### Your task
Taking the line that contains "Unset Printing Implicit Defensive." as the first and the final line of the records as the last, write out every line between them exactly, ends included, and nothing else.

### Saved data entries

<<<<

Lemma shift_offsets_odd :
  eqmod2 (sign_lin 0 phi_shift) 1 /\
  eqmod2 (sign_lin 1 (padd phi_shift (omega 0))) 1 /\
  eqmod2 (sign_lin 2 (padd (padd phi_shift (omega 0)) (omega 1))) 1.
Proof.
  cbn [sign_lin]; unfold phi_shift.
  rewrite !ca_padd, !cb_padd, ca_of_coords, cb_of_coords, ca_omega0, cb_omega0, ca_omega1.
  repeat split; [exists (-1)%Z | exists 0%Z | exists 0%Z]; simpl; lra.
Qed.

Lemma padd_omega_sum v : padd (padd (padd v (omega 0)) (omega 1)) (omega 2) = v.
Proof. destruct v; unfold padd, omega; simpl; f_equal; field. Qed.

Theorem theorem2p2 :
  forall s : R, 1/2 <= s < 1 ->
  forall p q r : pt,
    (* q : representative of p in P, used to compute phi_s(p) *)
    inP q -> cong p q ->
    (* r : representative of f_s(p) in P, used to compute phi_s(f_s(p)) *)
    inP r -> cong (PET s p) r ->
    (* both sides are defined *)
    PET_defined s p ->
    PET_defined (1 - s) (phi_on_P q) ->
    cong (phi_on_P r) (PET (1 - s) (phi_on_P q)).
Proof.
  intros s _ p q r _ Hpq _ Hpr [D0 [D1 D2]] _.
  destruct shift_offsets_odd as [Odd0 [Odd1 Odd2]].
  assert (H0 : cong (phi_on_P q) (padd p phi_shift)).
  { eapply cong_trans; [apply phi_on_P_cong | apply cong_padd, cong_sym, Hpq]. }
  pose proof (ftilde_conj 0 s _ _ _ ltac:(lia) D0 H0 Odd0) as H1.
  pose proof (ftilde_conj 1 s _ _ _ ltac:(lia) D1 H1 Odd1) as H2.
  pose proof (ftilde_conj 2 s _ _ _ ltac:(lia) D2 H2 Odd2) as H3.
  rewrite padd_omega_sum in H3.
  eapply cong_trans; [apply phi_on_P_cong|].
  eapply cong_trans; [apply cong_padd, cong_sym, Hpr | apply cong_sym, H3].
Qed.
(* Let $q\in(0,1)$, $\alpha\in(-1,1)$ and $\beta<1$ real, $z\in\mathbb{C}\setminus\{0\}$ and $n\ge-1$. Then \begin{align*} p_n^{(\alpha,\beta)}(z+z^{-1};q)=\frac{1}{z^{-1}-z}\frac{(\alpha;q)_n}{(\beta;q)_n}\Big[&z^{-n-1}\,{}_2\phi_1\!\left(z\tau,z\tau^{-1};qz^2;q,\alpha\right){}_2\phi_1\!\left(z^{-1}\tau,z^{-1}\tau^{-1};qz^{-2};q,\alpha q^{n+1}\right)\\ &-z^{n+1}\,{}_2\phi_1\!\left(z^{-1}\tau,z^{-1}\tau^{-1};qz^{-2};q,\alpha\right){}_2\phi_1\!\left(z\tau,z\tau^{-1};qz^{2};q,\alpha q^{n+1}\right)\Big], \end{align*} where for $z\in\pm q^{\mathbb{Z}/2}$ the right-hand side is understood as the corresponding limit value.
   Context: $(a;q)_n:=\prod_{j=0}^{n-1}(1-aq^j)$ for $n\in\mathbb{N}_0\cup\{\infty\}$, and for $n=-1$, $(a;q)_{-1}:=(1-aq^{-1})^{-1}$. The polynomials $p_n^{(\alpha,\beta)}(x;q)$ are defined by $p_{-1}=0$, $p_0=1$, $p_{n+1}(x)=xp_n(x)-\tilde\gamma_{n-1}\tilde\gamma_np_{n-1}(x)$ for $n\in\mathbb{N}_0$, where $\tilde\gamma_n=(1-\alpha q^n)/(1-\beta q^n)$. The $q$-Gauss series is ${}_2\phi_1(a,b;c;q,w)=\sum_{k\ge0}\frac{(a,b;q)_k}{(c,q;q)_k}w^k$. Here $\tau$ is any nonzero number with $\alpha(\tau+\tau^{-1})=\beta(z+z^{-1})$; the series depend only on this relation, since $\alpha^k(z\tau,z\tau^{-1};q)_k=\prod_{j=0}^{k-1}(\alpha(1+z^2q^{2j})-\beta q^j(1+z^2))$, and for $\alpha=0$ the terms are defined by this product expression. *)

From HB Require Import structures.
From mathcomp Require Import all_boot all_order all_algebra.
From mathcomp Require Import all_classical all_reals all_analysis.
From mathcomp Require Export complex.
Import Order.TTheory GRing.Theory Num.Theory.
Import numFieldNormedType.Exports.

Set Implicit Arguments.
Unset Strict Implicit.
Unset Printing Implicit Defensive.

Local Open Scope ring_scope.
Local Open Scope classical_set_scope.

HB.instance Definition _ (R : realType) :=
  PseudoPointedMetric.copy (complex R) (complex R)^o.
HB.instance Definition _ (R : realType) :=
  NormedModule.copy (complex R) (complex R)^o.

Section Defs.
Variable R : realType.
Local Notation C := (R[i]).

Definition qpoch (a q : C) (k : nat) : C := \prod_(j < k) (1 - a * q ^+ j).

(* (a;q)_n for n : int; for n = -1 this is (1 - a q^{-1})^{-1}
   (for n <= -2 the standard extension \prod_{j=1}^{-n} (1 - a q^{-j})^{-1}). *)
Definition qpochZ (a q : C) (n : int) : C :=
  match n with
  | Posz k => qpoch a q k
  | Negz k => \prod_(j < k.+1) (1 - a * q ^- j.+1)^-1
  end.

Definition gamt (al be q : C) (i : int) : C := (1 - al * q ^ i) / (1 - be * q ^ i).

(* pP k = (p_{k-1}(x), p_k(x)) computed by the three-term recurrence
   p_{-1} = 0, p_0 = 1, p_{k+1} = x p_k - gamt_{k-1} gamt_k p_{k-1}. *)
Fixpoint pP (al be q x : C) (k : nat) : C * C :=
  match k with
  | 0%N => (0, 1)
  | k'.+1 =>
      let pr := pP al be q x k' in
      (pr.2, x * pr.2 - gamt al be q (k'%:Z - 1) * gamt al be q k'%:Z * pr.1)
  end.

Definition pAB (al be q : C) (n : int) (x : C) : C :=
  match n with
  | Posz k => (pP al be q x k).2
  | Negz _ => 0
  end.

>>>>

### Solution to the exercise
Unset Printing Implicit Defensive.

Local Open Scope ring_scope.
Local Open Scope classical_set_scope.

HB.instance Definition _ (R : realType) :=
  PseudoPointedMetric.copy (complex R) (complex R)^o.
HB.instance Definition _ (R : realType) :=
  NormedModule.copy (complex R) (complex R)^o.

Section Defs.
Variable R : realType.
Local Notation C := (R[i]).

Definition qpoch (a q : C) (k : nat) : C := \prod_(j < k) (1 - a * q ^+ j).

(* (a;q)_n for n : int; for n = -1 this is (1 - a q^{-1})^{-1}
   (for n <= -2 the standard extension \prod_{j=1}^{-n} (1 - a q^{-j})^{-1}). *)
Definition qpochZ (a q : C) (n : int) : C :=
  match n with
  | Posz k => qpoch a q k
  | Negz k => \prod_(j < k.+1) (1 - a * q ^- j.+1)^-1
  end.

Definition gamt (al be q : C) (i : int) : C := (1 - al * q ^ i) / (1 - be * q ^ i).

(* pP k = (p_{k-1}(x), p_k(x)) computed by the three-term recurrence
   p_{-1} = 0, p_0 = 1, p_{k+1} = x p_k - gamt_{k-1} gamt_k p_{k-1}. *)
Fixpoint pP (al be q x : C) (k : nat) : C * C :=
  match k with
  | 0%N => (0, 1)
  | k'.+1 =>
      let pr := pP al be q x k' in
      (pr.2, x * pr.2 - gamt al be q (k'%:Z - 1) * gamt al be q k'%:Z * pr.1)
  end.

Definition pAB (al be q : C) (n : int) (x : C) : C :=
  match n with
  | Posz k => (pP al be q x k).2
  | Negz _ => 0
  end.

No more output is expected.